Bank stocks are weakening, and institutions are viewing the future market in this way.

date
25/04/2025
Banking stocks weakened today, with Shanghai Bank, Bank of Communications, and Shanghai Pudong Development Bank leading the decline. Orient Securities pointed out that the current period is seeing the intensive implementation of stable growth policies, with loose monetary policy leading the way followed closely by loose fiscal policy, significant acceleration of localized debt issuance, which will have a profound impact on the fundamental outlook of banks this year; Fiscal policy is intensifying to support social financing and credit while boosting economic expectations, and pro-cyclical varieties are expected to benefit; A broad range of interest rate reductions is putting short-term pressure on net interest margins of banks, but high-interest deposits are entering a period of concentrated repricing overlaid with continuous regulatory crackdown on high-interest deposit-taking behavior, providing important protection for bank interest margins this year; This year is a year of solidifying bank asset quality, with policy support expected to significantly improve the risk outlook for real estate and infrastructure assets, and parts of personal loan varieties with sufficient risk exposure and disposal are expected to reach an inflection point in asset quality.

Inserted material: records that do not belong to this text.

Theorem mainTheorem7 :
  (forall (X : Type) (d : X -> X -> R),
     is_metric d -> finite_asdim d ->
     exists d' : X -> X -> R, good_remetrization d d') /\
  (forall (G : Type) (mul : G -> G -> G) (inv : G -> G) (e : G) (d : G -> G -> R),
     is_group mul inv e -> @countable_type G ->
     proper_left_invariant_metric mul d -> finite_asdim d ->
     exists d' : G -> G -> R,
       good_remetrization d d' /\ proper_left_invariant_metric mul d').
Proof.
  split.
  - intros X d Hd Hfin. destruct (remetrization_exists d Hd Hfin) as [D HD]. eauto.
  - intros G mul inv e d _ _ [Hd [Hinv Hproper]] Hfin.
    destruct (remetrization_exists d Hd Hfin) as [D HD].
    exists (remetrize G d D). split; [exact HD|].
    split; [apply remetrize_metric, Hd|split].
    + intros g h k. unfold remetrize. rewrite Hinv. reflexivity.
    + apply compose_proper_balls; [apply squash_unbounded|exact Hproper].
Qed.
(* Let $\tau=(\xi_n)_{n\in\omega}$ be an infinite trace of tidy formulas. Then (1) there is a unique fixpoint formula $\xi=\eta x.\chi$ which occurs infinitely often on $\tau$ and satisfies $\xi\twoheadrightarrow_C^{\xi}\xi_n$ (i.e. $\xi_n\sqsubseteq_C\xi$) for cofinitely many $n$; (2) the number $\max\{\Omega_g(\phi)\mid \phi \text{ a fixpoint formula occurring infinitely often on }\tau\}$ is even iff $\eta=\nu$.
   Context: Syntax. Formulas of the modal $\mu$-calculus are taken in negation normal form: $\phi ::= \top \mid \bot \mid p \mid \neg p \mid x \mid \phi\land\phi\mid\phi\lor\phi\mid\Diamond\phi\mid\Box\phi\mid\mu x.\phi\mid\nu x.\phi$, where $p$ ranges over proposition letters and $x$ over an infinite supply of variables (which occur only positively). The formulas $\top,\bot,p,\neg p,x$ are atomic. $\mathrm{FV}(\phi)$ and $\mathrm{BV}(\phi)$ are the sets of free and bound variables of $\phi$; $\phi$ is tidy if $\mathrm{FV}(\phi)\cap\mathrm{BV}(\phi)=\varnothing$. A fixpoint formula is one of the form $\eta x.\chi$ with $\eta\in\{\mu,\nu\}$; it has type $\eta$, where $\mu$ counts as odd and $\nu$ as even parity, and $\bar\eta$ denotes the other operator. $\chi[\xi/x]$ is the result of replacing every free occurrence of $x$ in $\chi$ by $\xi$; $\xi$ is free for $x$ in $\chi$ if no free variable of $\xi$ becomes bound in $\chi[\xi/x]$. Traces and closure. The trace relation $\rightarrow_C$: $\phi_0\odot\phi_1\rightarrow_C\phi_i$ for $\odot\in\{\land,\lor\}$, $i\in\{0,1\}$; $\heartsuit\phi\rightarrow_C\phi$ for $\heartsuit\in\{\Diamond,\Box\}$; $\eta x.\phi\rightarrow_C\phi[\eta x.\phi/x]$; atomic formulas have no successors. $\twoheadrightarrow_C$ is the reflexive transitive closure of $\rightarrow_C$, $\mathrm{Clos}(\phi)=\{\psi\mid\phi\twoheadrightarrow_C\psi\}$ (a finite set), and a trace is a finite or infinite sequence of formulas with consecutive members related by $\rightarrow_C$. Write $\phi\equiv_C\psi$ iff $\phi\twoheadrightarrow_C\psi$ and $\psi\twoheadrightarrow_C\phi$; its equivalence classes are (closure) clusters, and $C(\phi)$ is the cluster of $\phi$. Free subformulas. $\phi\trianglelefteq_f\psi$ iff $\psi=\chi[\phi/y]$ for some formula $\chi$ and variable $y$ with $y\in\mathrm{FV}(\chi)$ and $\phi$ free for $y$ in $\chi$. Closure order. For a formula $\psi$, write $\rho\twoheadrightarrow_C^{\psi}\sigma$ iff there is a trace $\rho=\chi_0\rightarrow_C\cdots\rightarrow_C\chi_n=\sigma$ ($n\ge0$) with $\psi\trianglelefteq_f\chi_i$ for all $i\le n$. For fixpoint formulas $\phi,\psi$: $\phi\sqsubseteq_C\psi$ iff $\psi\twoheadrightarrow_C^{\psi}\phi$; $\phi\sqsubset_C\psi$ iff $\phi\sqsubseteq_C\psi$ and $\psi\not\sqsubseteq_C\phi$. Chains. An alternating $\sqsubset_C$-chain of length $n$ is a sequence $\eta_1x_1.\chi_1,\dots,\eta_nx_n.\chi_n$ of tidy fixpoint formulas with $\eta_ix_i.\chi_i\sqsubset_C\eta_{i+1}x_{i+1}.\chi_{i+1}$ and $\eta_{i+1}=\bar\eta_i$ for all $i<n$; it starts at the first and leads up to the last formula. For a tidy fixpoint formula $\xi$, $h^\uparrow(\xi)$ is the maximal length of an alternating $\sqsubset_C$-chain starting at $\xi$. For a cluster $C$, $\mathit{cd}(C)$ is the maximal length of an alternating $\sqsubset_C$-chain inside $C$. Global priority map. For a tidy fixpoint formula $\psi=\eta y.\phi$ let $d=\mathit{cd}(C(\psi))-h^\uparrow(\psi)$ and set $\Omega_g(\psi)=d$ if $d$ has parity $\eta$ and $\Omega_g(\psi)=d+1$ otherwise; $\Omega_g$ is undefined on non-fixpoint formulas. *)

From Stdlib Require Import Arith List ZArith Relations ClassicalEpsilon.
Import ListNotations.
(* Let $\mu$ be a probability distribution on $(E,\mathscr{E})$ and $Q$ an isometric involution of $L^{2}(\mu)$ given by a Markov kernel. If the Markov operator $P$ is $(\mu,Q)$-self-adjoint then $QP$ and $PQ$ are $\mu$-self-adjoint; if $P$ is $\mu$-self-adjoint then $QP$ and $PQ$ are $(\mu,Q)$-self-adjoint. As a result a $(\mu,Q)$-self-adjoint Markov operator is always the composition of two $\mu$-self-adjoint Markov operators.
   Context: $\langle f,g\rangle_{\mu}=\int fg\,{\rm d}\mu$ on $L^{2}(\mu)$. An isometric involution is a linear operator $Q$ on $L^{2}(\mu)$ with $\langle Qf,Qg\rangle_{\mu}=\langle f,g\rangle_{\mu}$ for all $f,g$ and $Q^{2}={\rm Id}$; here $Q$ is the operator of a Markov kernel. A Markov operator $P$ on $L^{2}(\mu)$ is $\mu$-self-adjoint if $\langle Pf,g\rangle_{\mu}=\langle f,Pg\rangle_{\mu}$ for all $f,g$, and $(\mu,Q)$-self-adjoint if $\langle Pf,g\rangle_{\mu}=\langle f,QPQg\rangle_{\mu}$ for all $f,g\in L^{2}(\mu)$. *)

From HB Require Import structures.
From mathcomp Require Import all_boot all_order all_algebra.
From mathcomp Require Import all_classical all_reals all_analysis.
Set Implicit Arguments. Unset Strict Implicit. Unset Printing Implicit Defensive.
Import Order.TTheory GRing.Theory Num.Theory.
Local Open Scope classical_set_scope.
Local Open Scope ring_scope.

Section Defs.
Context {d : measure_display} {E : measurableType d} {R : realType}.

(* f belongs to L^2(mu) (as a function; equality in L^2 is taken mu-a.e.) *)
Definition L2 (mu : {measure set E -> \bar R}) (f : E -> R) : Prop :=
  measurable_fun setT f /\ mu.-integrable setT (fun x => ((f x) ^+ 2)%:E).

Definition ip (mu : {measure set E -> \bar R}) (f g : E -> R) : \bar R :=
  (\int[mu]_x (f x * g x)%:E)%E.

Definition kop (K : R.-pker E ~> E) (f : E -> R) : E -> R :=
  fun x => fine (\int[K x]_y (f y)%:E)%E.

Definition markov_on_L2 (mu : {measure set E -> \bar R}) (K : R.-pker E ~> E) :=
  forall f, L2 mu f -> L2 mu (kop K f).

Definition mu_self_adjoint (mu : {measure set E -> \bar R})
  (T : (E -> R) -> (E -> R)) :=
  forall f g, L2 mu f -> L2 mu g -> ip mu (T f) g = ip mu f (T g).

Definition muQ_self_adjoint (mu : {measure set E -> \bar R})
  (Q : (E -> R) -> (E -> R)) (T : (E -> R) -> (E -> R)) :=
  forall f g, L2 mu f -> L2 mu g -> ip mu (T f) g = ip mu f (Q (T (Q g))).

Definition isometric_involution (mu : {measure set E -> \bar R})
  (Q : R.-pker E ~> E) :=
  [/\ markov_on_L2 mu Q,
      (forall f g, L2 mu f -> L2 mu g -> ip mu (kop Q f) (kop Q g) = ip mu f g)
    & (forall f, L2 mu f -> {ae mu, forall x, kop Q (kop Q f) x = f x})].

End Defs.

From HB Require Import structures.
From mathcomp Require Import all_boot all_order all_algebra.
From mathcomp Require Import all_classical all_reals all_analysis.
From mathcomp Require Import measurable_realfun kernel lra.
Set Implicit Arguments. Unset Strict Implicit. Unset Printing Implicit Defensive.
Import Order.TTheory GRing.Theory Num.Theory.
Local Open Scope classical_set_scope.
Local Open Scope ring_scope.

(* Being an isometric involution, Q is mu-self-adjoint, and
   (mu,Q)-self-adjointness of P says that the mu-adjoint of P is QPQ.  Hence
   (QP)* = P*Q = QP and (PQ)* = QP* = PQ; if instead P* = P, then
   (QP)* = PQ = Q(QP)Q and (PQ)* = QP = Q(PQ)Q.  In the factorisation
   P = Q (QP), the factor QP is realised by the composite Markov kernel: its
   operator agrees with QP wherever the integrals converge, which is mu-a.e.
   because mu is invariant under it,
   <QP 1_B, 1> = <P 1_B, Q 1> = <1_B, QPQ 1> = mu B.
   All identities hold only mu-a.e., which operators with an L^2 adjoint
   preserve. *)

Section L2_space.
Context {d : measure_display} {E : measurableType d} {R : realType}
  (mu : {measure set E -> \bar R}).
Theorem sym_block_diagonalization : exists Q : 'M[R]_n,
  [/\ Q *m Q^T = 1%:M, (forall i j, Q i j != 0 -> e i j) &
      forall i j, i != j -> (Q *m W *m Q^T) i j = 0].
Proof.
have [Q [Qeig Qorth]] := block_eigenrows_exist (leqnn n).
exists Q; split=> [|i j|i j ij].
- apply/matrixP=> i j; rewrite mulmx_trE !mxE.
  have [<-|ij] := eqVneq i j; first by have [] := Qeig i (ltn_ord i).
  by rewrite Qorth.
- by have [_ Qie _] := Qeig i (ltn_ord i); apply: Qie.
- rewrite mulmx_trE row_mul; have [_ _ [lam ->]] := Qeig i (ltn_ord i).
  by rewrite dotv_bform bformZl -dotv_bform Qorth ?mulr0.
Qed.

End BlockSpectral.

Section PsdMatrices.
Variables (R : realType) (n : nat).
Implicit Types (A B C Y Z : 'M[R]_n).

Lemma psd_conj (Q : 'M[R]_n) Y : psd Y -> psd (Q *m Y *m Q^T).
Proof.
case=> YT Yge0; split; first by rewrite !trmx_mul trmxK YT mulmxA.
by move=> x; have := Yge0 (x *m Q); rewrite trmx_mul !mulmxA.
Qed.

Lemma psd_diag_ge0 Z i : psd Z -> 0 <= Z i i.
Proof. by case=> _ Zge0; rewrite -bform_delta; apply: Zge0. Qed.

Lemma psd_norm_entry_le Z i j : psd Z -> `|Z i j| <= (Z i i + Z j j) / 2.
Proof.
case=> ZT Zge0; have Zji : Z j i = Z i j by rewrite -[in LHS]ZT mxE.
have := Zge0 (delta_mx 0 i + delta_mx 0 j); have := Zge0 (delta_mx 0 i - delta_mx 0 j).
rewrite -scaleN1r /psd -/(bform _ _ _) -/(bform _ _ _).
rewrite !(bformDl, bformDr, bformZl, bformZr) !bform_delta Zji => h1 h2.
by rewrite ler_norml; apply/andP; split; lra.
Qed.

Definition frob (A B : 'M[R]_n) := \tr (A *m B^T).

Lemma frobE A B : frob A B = \sum_i \sum_j A i j * B i j.
Proof. by apply: eq_bigr => i _; rewrite mxE; apply: eq_bigr => j _; rewrite mxE. Qed.

Lemma frobDr A B C : frob A (B + C) = frob A B + frob A C.
Proof. by rewrite /frob linearD /= mulmxDr mxtraceD. Qed.

Lemma frob1 A : frob A 1%:M = \tr A.
Proof. by rewrite /frob trmx1 mulmx1. Qed.

Lemma frob_self_ge0 A : 0 <= frob A A.
Proof.
by rewrite frobE; apply: sumr_ge0 => i _; apply: sumr_ge0 => j _; rewrite -expr2 sqr_ge0.
Qed.

Lemma sqr_entry_le_frob A i j : A i j ^+ 2 <= frob A A.
Proof.
rewrite frobE (bigD1 i) //= (bigD1 j) //= -expr2 -addrA lerDl.
have sq_ge0 (x : R) : 0 <= x * x by rewrite -expr2 sqr_ge0.
by apply: addr_ge0; apply: sumr_ge0 => k _ //; apply: sumr_ge0.
Qed.

Lemma frob_self_eq0 A : frob A A = 0 -> A = 0.
Proof.
move=> A0; apply/matrixP=> i j; apply/eqP; rewrite mxE -sqrf_eq0 eq_le sqr_ge0 andbT.
by rewrite -A0 sqr_entry_le_frob.
Qed.

Lemma frob_conj (Q D Z : 'M[R]_n) :
  frob (Q^T *m D *m Q) Z = frob D (Q *m Z *m Q^T).
Proof.
rewrite /frob -!mulmxA [LHS]mxtrace_mulC !trmx_mul !trmxK.
by rewrite !mulmxA.
Qed.

Lemma frob_diag (D Z : 'M[R]_n) : (forall i j, i != j -> D i j = 0) ->
  (forall i, Z i i = 1) -> frob D Z = \tr D.
Proof.
move=> Ddiag Z1; rewrite frobE; apply: eq_bigr => i _.
rewrite (bigD1 i) //= Z1 mulr1 big1 ?addr0 // => j ji.
by rewrite Ddiag ?mul0r // eq_sym.
Qed.

End PsdMatrices.

Section ConeMinimization.
Local Open Scope classical_set_scope.
Variables (R : realType) (n m : nat) (U : 'M[R]_(m, n)) (e : rel 'I_n).
Hypothesis e_refl : reflexive e.
Implicit Types (A B Z : 'M[R]_n).

Definition null_psd Z := psd Z /\ null_contains Z U.

Lemma null_psd_conic a b A B : 0 <= a -> 0 <= b ->
  null_psd A -> null_psd B -> null_psd (a *: A + b *: B).
Proof.
move=> a0 b0 [[AT Age0] AU] [[BT Bge0] BU]; split; first split.
- by rewrite linearD !linearZ /= AT BT.
- move=> x; rewrite -/(bform _ x x) bformDm !bformZm.
  by rewrite addr_ge0 // mulr_ge0 //; [apply: Age0 | apply: Bge0].
- by rewrite /null_contains mulmxDl -!scalemxAl AU BU !scaler0 addr0.
Qed.

Definition residual Z : 'M[R]_n :=
  \matrix_(i, j) if e i j then Z i j - (i == j)%:R else 0.

Definition defect Z := frob (residual Z) (residual Z).

Lemma residual_eq0 Z i j : ~~ e i j -> residual Z i j = 0.
Proof. by rewrite mxE => /negbTE ->. Qed.

Lemma frob_residual_self Z : frob (residual Z) Z = defect Z + \tr (residual Z).
Proof.
rewrite -frob1 -frobDr !frobE; apply: eq_bigr => i _; apply: eq_bigr => j _.
by rewrite !mxE; case: (e i j); rewrite ?mul0r //; ring.
Qed.

Lemma defect_segment Zs Z t : defect ((1 - t) *: Zs + t *: Z) =
  defect Zs + 2 * t * (frob (residual Zs) Z - frob (residual Zs) Zs) +
  t ^+ 2 * frob (residual Z - residual Zs) (residual Z - residual Zs).
Proof.
rewrite /defect !frobE -sumrB !mulr_sumr -!big_split; apply: eq_bigr => i _.
rewrite -sumrB !mulr_sumr -!big_split; apply: eq_bigr => j _.
by rewrite !mxE; case: (e i j) => /=; ring.
Qed.

Lemma continuous_vec_mx_entry i j :
  continuous (fun v : 'rV[R]_(n * n) => vec_mx v i j).
Proof. by under eq_fun do rewrite mxE; apply: coord_continuous. Qed.
Lemma nconj_fixed_Fp n j (b : {poly 'F_p}) :
    (0 < n)%N -> odd p -> (n %| p ^ j + 1)%N -> odd ((p ^ j + 1) %/ n) ->
    negmod 'F_p n %| (b \Po - 'X) - b -> negmod 'F_p n %| b ^+ (p ^ j) - b ->
  negmod 'F_p n %| nconj n b - b.
Proof.
move=> n_gt0 odd_p n_dvd odd_q b_even b_pow.
have odd_N : odd (p ^ j) by rewrite oddX odd_p orbT.
have def_N : (p ^ j = n.-1 + n * ((p ^ j + 1) %/ n)./2.*2)%N.
  move: (divnK n_dvd); rewrite -{1}(odd_double_half ((p ^ j + 1) %/ n)) odd_q.
  by rewrite -!muln2; lia.
have X_N : negmod 'F_p n %| 'X^(p ^ j) - 'X^(n.-1).
  rewrite {1}def_N exprD exprM -{2}['X^(n.-1)]mulr1 -mulrBr dvdp_mull //.
  have -> : 1 = (-1) ^+ ((p ^ j + 1) %/ n)./2.*2 :> {poly 'F_p}.
    by rewrite -signr_odd odd_double.
  by apply: dvdp_exprB; rewrite opprK.
have -> : nconj n b - b = ((b \Po - 'X^(n.-1)) - (b \Po (- 'X) ^+ (p ^ j)))
    + ((b \Po - 'X) ^+ (p ^ j) - b ^+ (p ^ j)) + (b ^+ (p ^ j) - b).
  by rewrite /nconj comp_poly_expn_pow; ring.
apply: dvdp_add; last exact: b_pow.
apply: dvdp_add; last exact: dvdp_exprB b_even.
apply: dvdp_compB.
by rewrite exprNn -signr_odd odd_N expr1 mulN1r opprK addrC.
Qed.

End PrimeField.

Section Frobenius.
Variables (p : nat) (L : fieldExtType 'F_p).
Hypothesis pr_p : prime p.
Local Notation k := (\dim {: L}).
Implicit Types (x : L) (r : {poly L}).

Lemma pchar_L : p \in [pchar L].
Proof. by rewrite (pchar_lalg L) pchar_Fp. Qed.

Fact frobi_is_nmod_morphism i : nmod_morphism (frobi p i : L -> L).
Proof.
have pchar_nat : [pchar L].-nat (p ^ i)%N.
  by rewrite (eq_pnat _ (pcharf_eq pchar_L)) pnatX pnat_id.
split=> [|x y]; last exact: exprDn_pchar.
by rewrite /frobi expr0n expn_eq0 eqn0Ngt prime_gt0.
Qed.
HB.instance Definition _ i :=
  GRing.isNmodMorphism.Build L L (frobi p i) (frobi_is_nmod_morphism i).

Fact frobi_is_monoid_morphism i : monoid_morphism (frobi p i : L -> L).
Proof. by split=> [|x y]; rewrite /frobi ?expr1n // exprMn. Qed.
HB.instance Definition _ i :=
  GRing.isMonoidMorphism.Build L L (frobi p i) (frobi_is_monoid_morphism i).

Lemma frobi0 x : frobi p 0 x = x.
Proof. by rewrite /frobi expn0 expr1. Qed.

Lemma frobiD i j x : frobi p i (frobi p j x) = frobi p (j + i) x.
Proof. by rewrite /frobi -exprM expnD. Qed.

Lemma frobi_dim x : frobi p k x = x.
Proof.
by have := Fermat's_little_theorem {: L}%AS x; rewrite memvf card_Fp // => /esym/eqP.
Qed.

Lemma expf_dim_pow x m : x ^+ (p ^ (k * m)) = x.
Proof.
elim: m => [|m IH]; first by rewrite muln0 expr1.
by rewrite mulnS expnD exprM; have := frobi_dim x; rewrite /frobi => ->.
Qed.

Lemma frobi_in_alg i (t : 'F_p) : frobi p i (in_alg L t) = in_alg L t.
Proof. by rewrite /frobi -rmorphXn Fp_expn_pow. Qed.

Lemma mem1v_frobenius x : x ^+ p = x -> x \in 1%VS.
Proof.
by move=> x_fixed; rewrite Fermat's_little_theorem dimv1 expn1 card_Fp // x_fixed.
Qed.

Lemma polyfrob0 r : polyfrob p 0 r = r.
Proof. by rewrite /polyfrob (eq_map_poly frobi0) map_poly_id. Qed.

Lemma polyfrob_dim r : polyfrob p k r = r.
Proof. by rewrite /polyfrob (eq_map_poly frobi_dim) map_poly_id. Qed.

Lemma polyfrobD i j r : polyfrob p i (polyfrob p j r) = polyfrob p (j + i) r.
Proof. by rewrite /polyfrob -map_poly_comp; apply: eq_map_poly => x /=; rewrite frobiD. Qed.
Lemma open_ereal_rat_intervals {B : set (\bar R)} : open B ->
  B = \bigcup_(i in [set i | ereal_rat_interval i.1 i.2 `<=` B])
        ereal_rat_interval i.1 i.2.
Proof.
move=> oB; apply/seteqP; split=> [y By|y [i /= iB /iB]] //.
have : nbhs y B by exact: open_nbhs_nbhs.
case: y By => [p| |] _ nbB.
- have /nbhs_ballP[e /= e0 peB] := iffLR (nbhs_EFin _ _) nbB.
  have [|q1 /andP[q1p pq1]] := @rat_between (p - e)%R p; first by rewrite ltrBlDr ltrDl.
  have [|q2 /andP[pq2 q2p]] := @rat_between p (p + e)%R; first by rewrite ltrDl.
  exists (Some q1, Some q2); last by split; rewrite /= lte_fin.
  move=> [r| |] [/= q1r rq2] //; apply: peB.
  rewrite /ball /= ltr_distlC; rewrite !lte_fin in q1r rq2.
  by rewrite (lt_trans q1p q1r) (lt_trans rq2 q2p).
- case: nbB => M [_ MB].
  have [|q /andP[Mq _]] := @rat_between M (M + 1)%R; first by rewrite ltrDl.
  exists (Some q, None); last by split; rewrite //= ltry.
  by move=> y [/= qy _]; apply: MB; apply: lt_trans qy; rewrite lte_fin.
- case: nbB => M [_ MB].
  have [|q /andP[_ qM]] := @rat_between (M - 1)%R M; first by rewrite ltrBlDr ltrDl.
  exists (None, Some q); last by split; rewrite //= ltNyr.
  by move=> y [_ /= yq]; apply: MB; apply: lt_trans yq _; rewrite lte_fin.
Qed.

End RationalsInExtendedReals.

Section UpperSemicontinuous.
Context {R : realType} {X : topologicalType}.
Implicit Types f g : X -> \bar R.
Local Open Scope ereal_scope.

Zhejiang Securities pointed out that when considering banking from a strategic perspective, under the pressure of trade wars, it is still a combination of low risk and low risk-free interest rates. Decreasing risk appetite and rising macro volatility mean that low-volatility banks have the advantage; Falling risk-free interest rates drive the favoritism towards high dividend-yielding banks; With stable risk assessment, it is preferred to allocate banks in economically developed regions. Based on this, the stock selection strategy comprehensively considers low volatility, high dividend yield, and regional asset distribution.